• What you are asked to do
Looking at the data below, how many lines include the word "From"? Respond with the number only.

(Stored items)
(* Let $(\Gamma,\mathcal{G}_\Gamma)$ and $(\Sigma,\mathcal{G}_\Sigma)$ be labeled graphs whose vertex groups are all directly-indecomposable cyclic groups, and let $\phi:W(\Gamma)\to W(\Sigma)$ be a group isomorphism. Then the map $V_{\Gamma_A}\to W(\Sigma_A)$, $v\mapsto\rho_{\Sigma_A}(\phi(v))$, extends to a group isomorphism $W(\Gamma_A)\to W(\Sigma_A)$.
   Context: A labeled graph $(\Lambda,\mathcal{G}_\Lambda)$ consists of a nonempty finite simplicial graph $\Lambda$ with vertex set $V_\Lambda$ and a family $\mathcal{G}_\Lambda=\{G_v\}_{v\in V_\Lambda}$ of nontrivial groups. Its graph product $W(\Lambda)$ is the quotient of the free product $\ast_{v}G_v$ by the relations $gh=hg$ for $g\in G_v$, $h\in G_{v'}$ with $v,v'$ adjacent. For a full subgraph $\Theta$, $W(\Theta)$ denotes the subgroup generated by the images of $G_v$, $v\in V_\Theta$ (isomorphic to the graph product of the labeled subgraph). A cyclic group is directly-indecomposable if it is infinite or has prime-power order. For cyclic vertex groups, a generator of each $G_v$ is fixed and also denoted $v$. $\Lambda_T$ (resp. $\Lambda_A$) is the full subgraph of $\Lambda$ spanned by the vertices $v$ with $G_v$ finite (resp. infinite). $\rho_{\Sigma_A}:W(\Sigma)\to W(\Sigma_A)$ is the retraction homomorphism sending each $v\in V_{\Sigma_A}$ to $v$ and each $v\in V_{\Sigma_T}$ to $1$. *)

From HB Require Import structures.
From mathcomp Require Import all_boot all_order all_algebra.
Set Implicit Arguments. Unset Strict Implicit. Unset Printing Implicit Defensive.
Import Order.TTheory GRing.Theory Num.Theory.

• Exercise answer
2